Reputation: 7493
Background: I need a way to count the number of records that we will be running through our Archive process. The query I have below what I have come up with but I feel like there has to be a better way (Takes about 20minutes to run for the last 90 days)
The Query: We have a table called Table_Main (Not its real name) which contains alot of records (300 million +) and is constantly being added to (Hence the archiving). The table contains parent records that have a TR_ID, which links them to another table, while the children do not have a TR_ID. The children are attached to the parents via a Parent_ID. The tricky part here is that I need to count the records based of values contained in the Trans table which is linked via TR_ID.
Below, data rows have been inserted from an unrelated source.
(* Let $F$ be an infinite field and $n\ge2$. Let $z_1,\dots,z_k$ be distinct variables of nonzero degrees $g_1,\dots,g_k\in\{1,\dots,n-1\}$ with $g_1+\dots+g_k\le n-1$, and let $y_1,\dots,y_k,y$ be variables of degree $0$. Let $f=[z_1,y_1,z_2,y_2,\dots,z_k,y_k]$. Then for every $1\le i\le k$, $$[z_1,y_1,\dots,z_{i-1},y_{i-1},z_i,y,y_i,z_{i+1},y_{i+1},\dots,z_k,y_k]\in\langle\{f\}\cup I\rangle_{T_{\mathbb{Z}_n}}.$$
   Context: $UT_n(F)^{(-)}$: $n\times n$ upper triangular matrices with bracket $[a,b]=ab-ba$ and canonical $\mathbb{Z}_n$-grading (degree-$k$ component spanned by $e_{ij}$ with $j-i=k$); elements of $\mathbb{Z}_n\setminus\{0\}$ are identified with $1,\dots,n-1$. $I$ is its $T_{\mathbb{Z}_n}$-ideal of graded identities in the free $\mathbb{Z}_n$-graded Lie algebra $\mathcal{L}_{\mathbb{Z}_n}$ (countably many variables of each degree). Commutators are left normed; $\langle S\rangle_{T_{\mathbb{Z}_n}}$ is the smallest graded ideal containing $S$ invariant under degree-preserving endomorphisms. *)

From HB Require Import structures.
From mathcomp Require Import all_boot all_order all_algebra.
Set Implicit Arguments. Unset Strict Implicit. Unset Printing Implicit Defensive.
Import GRing.Theory.
Local Open Scope ring_scope.

(* The free Lie algebra L_{Z_n} is the quotient of these terms by the      *)
(* congruence [lequiv] generated by the Lie algebra axioms below.          *)
Inductive lterm (n : nat) (F : Type) : Type :=
| LVar of 'Z_n & nat
| LZero
| LAdd of lterm n F & lterm n F
| LScale of F & lterm n F
| LBr of lterm n F & lterm n F.

Arguments LZero {n F}.

Section Free.
Variables (n : nat) (F : fieldType).
Local Notation term := (lterm n F).

Inductive lequiv : term -> term -> Prop :=
| le_refl t : lequiv t t
| le_sym t u : lequiv t u -> lequiv u t
| le_trans t u v : lequiv t u -> lequiv u v -> lequiv t v
| le_addC t u : lequiv t u -> forall t' u', lequiv t' u' -> lequiv (LAdd t t') (LAdd u u')
| le_scaleC c t u : lequiv t u -> lequiv (LScale c t) (LScale c u)
| le_brC t u : lequiv t u -> forall t' u', lequiv t' u' -> lequiv (LBr t t') (LBr u u')
| le_addA t u v : lequiv (LAdd t (LAdd u v)) (LAdd (LAdd t u) v)
| le_addCom t u : lequiv (LAdd t u) (LAdd u t)
| le_add0 t : lequiv (LAdd LZero t) t
| le_addN t : lequiv (LAdd t (LScale (-1) t)) LZero
| le_scaleDr c t u : lequiv (LScale c (LAdd t u)) (LAdd (LScale c t) (LScale c u))
| le_scaleDl c d t : lequiv (LScale (c + d) t) (LAdd (LScale c t) (LScale d t))
| le_scaleA c d t : lequiv (LScale c (LScale d t)) (LScale (c * d) t)
| le_scale1 t : lequiv (LScale 1 t) t
| le_brDl t u v : lequiv (LBr (LAdd t u) v) (LAdd (LBr t v) (LBr u v))
| le_brDr t u v : lequiv (LBr t (LAdd u v)) (LAdd (LBr t u) (LBr t v))
| le_brZl c t u : lequiv (LBr (LScale c t) u) (LScale c (LBr t u))
| le_brZr c t u : lequiv (LBr t (LScale c u)) (LScale c (LBr t u))
| le_brxx t : lequiv (LBr t t) LZero
| le_jacobi t u v :
    lequiv (LAdd (LBr (LBr t u) v) (LAdd (LBr (LBr u v) t) (LBr (LBr v t) u))) LZero.

Inductive lhom : 'Z_n -> term -> Prop :=
| hom_var d i : lhom d (LVar F d i)
| hom_zero d : lhom d LZero
| hom_add d t u : lhom d t -> lhom d u -> lhom d (LAdd t u)
| hom_scale d c t : lhom d t -> lhom d (LScale c t)
| hom_br d e t u : lhom d t -> lhom e u -> lhom (d + e) (LBr t u).

(* Substitution of variables; it is degree preserving (= a graded         *)
(* endomorphism of L_{Z_n}) when every Var d i is sent to a term of         *)
(* degree d.                                                               *)
Fixpoint lsubst (s : 'Z_n -> nat -> term) (t : term) : term :=
  match t with
  | LVar d i => s d i
  | LZero => LZero
  | LAdd t u => LAdd (lsubst s t) (lsubst s u)
  | LScale c t => LScale c (lsubst s t)
  | LBr t u => LBr (lsubst s t) (lsubst s u)
  end.

Definition graded_subst (s : 'Z_n -> nat -> term) : Prop :=
  forall d i, lhom d (s d i).

(* <S>_{T_{Z_n}} : the ideal generated by all graded-endomorphic images   *)
(* of elements of S, closed under equality in L_{Z_n}.                    *)
Inductive in_TIdeal (S : term -> Prop) : term -> Prop :=
| TI_gen s sg : S s -> graded_subst sg -> in_TIdeal S (lsubst sg s)
| TI_zero : in_TIdeal S LZero
| TI_add t u : in_TIdeal S t -> in_TIdeal S u -> in_TIdeal S (LAdd t u)
| TI_scale c t : in_TIdeal S t -> in_TIdeal S (LScale c t)
| TI_brl t u : in_TIdeal S t -> in_TIdeal S (LBr t u)
| TI_brr t u : in_TIdeal S u -> in_TIdeal S (LBr t u)
| TI_equiv t u : in_TIdeal S t -> lequiv t u -> in_TIdeal S u.

Definition UT_hom (d : 'Z_n) (A : 'M[F]_n) : Prop :=
  forall i j : 'I_n, A i j != 0 -> (i <= j)%N /\ (j - i)%N = (d : nat).

Fixpoint leval (rho : 'Z_n -> nat -> 'M[F]_n) (t : term) : 'M[F]_n :=
  match t with
  | LVar d i => rho d i
  | LZero => 0
  | LAdd t u => leval rho t + leval rho u
  | LScale c t => c *: leval rho t
  | LBr t u => leval rho t *m leval rho u - leval rho u *m leval rho t
  end.

Definition graded_eval (rho : 'Z_n -> nat -> 'M[F]_n) : Prop :=
  forall d i, UT_hom d (rho d i).

(* I : the graded identities of UT_n(F)^(-). *)
Definition UT_identity (t : term) : Prop :=
  forall rho, graded_eval rho -> leval rho t = 0.

Definition lcomm (s : seq term) : term :=
  match s with
  | [::] => LZero
  | x :: s' => foldl (@LBr n F) x s'
  end.

End Free.

Definition infinite_field (F : fieldType) : Prop :=
  forall s : seq F, exists x : F, x \notin s.

From mathcomp Require Import all_boot all_order all_algebra.
From Stdlib Require Import Setoid Morphisms.
Import GRing.Theory.
Local Open Scope ring_scope.

(* Since y has degree 0, replacing a single variable x of f by [x, y] is a
   graded substitution, so every commutator obtained from f by replacing one
   entry x by [x, y] lies in <f>.  The Leibniz rule
   [u, x, y] = [u, [x, y]] + [u, y, x] moves y one step to the right at the
   cost of such a term, so by induction y may be inserted after any entry. *)

Section FreeLieAlgebra.
Context {n : nat} {F : fieldType}.
Local Notation term := (lterm n F).
Local Notation lbr := (@LBr n F).

#[local] Instance lequiv_Equivalence : Equivalence (@lequiv n F).
Proof. split; [exact: le_refl | exact: le_sym | exact: le_trans]. Qed.

#[local] Hint Resolve le_refl : core.

#[local] Instance LAdd_Proper :
  Proper (@lequiv n F ==> @lequiv n F ==> @lequiv n F) (@LAdd n F).
Proof. by move=> ? ? ? ? ? ?; apply: le_addC. Qed.

#[local] Instance LScale_Proper c : Proper (@lequiv n F ==> @lequiv n F) (LScale c).
Proof. by move=> ? ? ?; apply: le_scaleC. Qed.

#[local] Instance LBr_Proper : Proper (@lequiv n F ==> @lequiv n F ==> @lequiv n F) lbr.
Proof. by move=> ? ? ? ? ? ?; apply: le_brC. Qed.

#[local] Instance foldl_br_Proper : Proper (@lequiv n F ==> eq ==> @lequiv n F) (foldl lbr).
Proof.
move=> t u tu l _ <-; elim: l t u tu => [|x l IHl] t u tu //=.
by apply: IHl; rewrite tu.
Qed.

#[local] Instance in_TIdeal_Proper (S : term -> Prop) :
  Proper (@lequiv n F ==> iff) (in_TIdeal S).
Proof. by move=> t u tu; split=> /TI_equiv; apply; last symmetry. Qed.

Lemma lequiv_addr0 (t : term) : lequiv (LAdd t LZero) t.
Proof. by rewrite le_addCom le_add0. Qed.

Lemma lequiv_addr_eq0 (t u : term) : lequiv (LAdd t u) LZero -> lequiv u (LScale (-1) t).
Proof.
move=> tu0.
have Nt_t : lequiv (LAdd (LScale (-1) t) t) LZero by rewrite le_addCom le_addN.
by rewrite -[u]le_add0 -Nt_t -le_addA tu0 lequiv_addr0.
Qed.

Lemma lequiv_brN (u v : term) : lequiv (LBr u v) (LScale (-1) (LBr v u)).
Proof.
apply: lequiv_addr_eq0; rewrite -(le_brxx (LAdd v u)).
rewrite le_brDl !le_brDr !le_brxx le_add0 lequiv_addr0.
by rewrite le_addCom.
Qed.

Lemma lequiv_oppK (t : term) : lequiv (LScale (-1) (LScale (-1) t)) t.
Proof. by rewrite le_scaleA mulrNN mulr1 le_scale1. Qed.

Lemma lequiv_br_leibniz (u x y : term) :
  lequiv (LBr (LBr u x) y) (LAdd (LBr u (LBr x y)) (LBr (LBr u y) x)).
Proof.
have jacobi := le_jacobi u x y.
rewrite le_addCom in jacobi.
rewrite (lequiv_addr_eq0 _ _ jacobi) le_scaleDr (lequiv_brN u (LBr x y)).
by rewrite (lequiv_brN y u) le_brZl lequiv_oppK.
Qed.

Lemma foldl_br_add (l : seq term) (t u : term) :
  lequiv (foldl lbr (LAdd t u) l) (LAdd (foldl lbr t l) (foldl lbr u l)).
Proof.
elim: l t u => [|x l IHl] t u //=.
by rewrite le_brDl IHl.
Qed.

Lemma lcomm_rcons_cat (s : seq term) (x : term) (t : seq term) :
  lcomm (rcons s x ++ t) = foldl lbr (lcomm (rcons s x)) t.
Proof. by case: s => [|u s] //=; rewrite foldl_cat -cats1 foldl_cat. Qed.

Lemma lsubst_lcomm (sg : 'Z_n -> nat -> term) (s : seq term) :
  lsubst sg (lcomm s) = lcomm (map (lsubst sg) s).
Proof. by case: s => [|x s] //=; elim: s x => [|u s IHs] x //=; rewrite IHs. Qed.

Lemma in_TIdeal_lcomm_insert (S : term -> Prop) (T : Type) (e : T -> term)
    (s : seq T) (y : term) :
  (forall p x q, s = p ++ x :: q ->
     in_TIdeal S (lcomm (map e p ++ LBr (e x) y :: map e q))) ->
  forall p x q, s = p ++ x :: q ->
    in_TIdeal S (lcomm (map e p ++ e x :: y :: map e q)).
Proof.
move=> S_br p; elim/last_ind: p => [|p x0 IHp] x q Es; first exact: S_br [::] x q Es.
have S_br_x := S_br _ _ _ Es.
have S_ins_x0 := IHp x0 (x :: q) (etrans Es (cat_rcons _ _ _)).
rewrite -cat_rcons lcomm_rcons_cat /= in S_ins_x0.
rewrite map_rcons !lcomm_rcons_cat in S_br_x *.
by rewrite /= lequiv_br_leibniz foldl_br_add; apply: TI_add.
Qed.

Definition lvar (v : 'Z_n * nat) : term := LVar F v.1 v.2.

Definition subst_br_var (v : 'Z_n * nat) (y : term) (d : 'Z_n) (m : nat) : term :=
  if (d, m) == v then LBr (lvar v) y else LVar F d m.

Lemma graded_subst_br_var v y : lhom 0 y -> graded_subst (subst_br_var v y).
Proof.
move=> hom_y d m; rewrite /subst_br_var.
case: eqP => [<-|_]; last exact: hom_var.
by rewrite -[d in lhom d _]addr0; apply: hom_br => //; apply: hom_var.
Qed.

Lemma map_lsubst_br_var v y (p : seq ('Z_n * nat)) :
  v \notin p -> map (lsubst (subst_br_var v y)) (map lvar p) = map lvar p.
Proof.
move=> v_p; rewrite -map_comp; apply/eq_in_map => -[d m] dm_p /=.
rewrite /subst_br_var; case: eqP => // dm_v.
by rewrite -dm_v dm_p in v_p.
Qed.

Lemma in_TIdeal_lcomm_br_var (S : term -> Prop) (vs : seq ('Z_n * nat)) y :
  S (lcomm (map lvar vs)) -> uniq vs -> lhom 0 y ->
  forall p v q, vs = p ++ v :: q ->
    in_TIdeal S (lcomm (map lvar p ++ LBr (lvar v) y :: map lvar q)).
Proof.
move=> S_vs vs_uniq hom_y p v q Evs.
have /and3P [_ v_p /andP [v_q _]] : [&& uniq p, v \notin p & uniq (v :: q)].
  by move: vs_uniq; rewrite Evs cat_uniq /= has_sym /= negb_or => /and3P [-> /andP [->]].
have := TI_gen S_vs (graded_subst_br_var v y hom_y).
rewrite lsubst_lcomm Evs map_cat /= map_cat /= !map_lsubst_br_var //.
by rewrite /= /subst_br_var -surjective_pairing eqxx.
Qed.

Lemma in_TIdeal_lcomm_insert_var {S : term -> Prop} {vs : seq ('Z_n * nat)} y :
  S (lcomm (map lvar vs)) -> uniq vs -> lhom 0 y ->
  forall p v q, vs = p ++ v :: q ->
    in_TIdeal S (lcomm (map lvar p ++ lvar v :: y :: map lvar q)).
Proof.
move=> S_vs vs_uniq hom_y.
by apply: in_TIdeal_lcomm_insert; apply: in_TIdeal_lcomm_br_var.
Qed.

End FreeLieAlgebra.

Theorem mainTheorem12 (F : fieldType) (n k : nat)
  (g : 'I_k -> 'Z_n) (a b : 'I_k -> nat) (c : nat) :
  infinite_field F ->
  (2 <= n)%N ->
  (forall j, g j != 0) ->
  (\sum_(j < k) (g j : nat) <= n - 1)%N ->
  injective (fun j => (g j, a j)) ->
  injective b ->
  (forall j, b j != c) ->
  let z j := LVar F (g j) (a j) in
  let yy j := LVar F (0 : 'Z_n) (b j) in
  let y := LVar F (0 : 'Z_n) c in
  let f := lcomm (flatten [seq [:: z j; yy j] | j <- enum 'I_k]) in
  forall i : 'I_k,
    in_TIdeal (fun t => t = f \/ UT_identity t)
      (lcomm (flatten [seq (if j == i then [:: z j; y; yy j] else [:: z j; yy j])
                      | j <- enum 'I_k])).
Proof.
move=> _ _ g_neq0 _ inj_za inj_b _ z yy y f i.
pose vars s := [seq if t then (g j, a j) else (0, b j) | j <- s, t <- [:: true; false]].
have Evars s : flatten [seq [:: z j; yy j] | j <- s] = map (@lvar n F) (vars s).
  by elim: s => //= j s ->.
have vars_uniq : uniq (vars (enum 'I_k)).
  apply: allpairs_uniq => [|//|[j t] [j' t'] _ _ /=]; first exact: enum_uniq.
  case: t t' => [] [] Ejj'.
  - by rewrite (inj_za _ _ Ejj').
  - by case: Ejj' => g_j0; move: (g_neq0 j); rewrite g_j0 eqxx.
  - by case: Ejj' => /esym g_j'0; move: (g_neq0 j'); rewrite g_j'0 eqxx.
  - by case: Ejj' => /inj_b ->.
have S_vars : (fun t => t = f \/ UT_identity t) (lcomm (map (@lvar n F) (vars (enum 'I_k)))).
  by left; rewrite /f Evars.
have Eif s : i \notin s ->
    [seq (if j == i then [:: z j; y; yy j] else [:: z j; yy j]) | j <- s]
    = [seq [:: z j; yy j] | j <- s].
  move=> i_s; apply/eq_in_map => j j_s; case: eqP => // Eji.
  by rewrite -Eji j_s in i_s.
move: S_vars vars_uniq (enum_uniq 'I_k).
have /splitPr [s1 s2] : i \in enum 'I_k by rewrite mem_enum.
rewrite cat_uniq /= has_sym /= negb_or => S_vars vars_uniq.
case/and4P => _ /andP [i_s1 _] i_s2 _.
rewrite map_cat flatten_cat /= eqxx !Eif // !Evars.
apply: (in_TIdeal_lcomm_insert_var y S_vars vars_uniq (hom_var _ _ c)
          (vars s1) (g i, a i) ((0, b i) :: vars s2)).
by rewrite /vars allpairs_cat allpairs_cons.
Qed.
Select B.Some_date, B.xx_ID, count(*)
From
(
select tr.Some_date, tr.xx_ID, p.H_ID
from Table_Main p, Trans tr
where p.TR_ID = tr.TR_ID
and tr.Some_date>sysdate-90
--
UNION ALL
--
Select Result.Some_date , Result.xx_ID, th.H_ID
from (
select tr.Some_date, tr.xx_ID, p.H_ID
from Table_Main p, Trans tr
where p.TR_ID = tr.TR_ID and tr.Some_date>sysdate-90
) Result
inner join Table_Main th on th.Parent_id = Result.H_ID and th.Parent_ID is not null
) B
group by B.Some_date, B.xx_ID
order by B.Some_date;
Question/Idea: Is there any way this could be simplified with one join between Table_Main and itself? For example a join that keeps the first record from the parent plus all the joined children? I was trying something like the query below but not getting anywhere.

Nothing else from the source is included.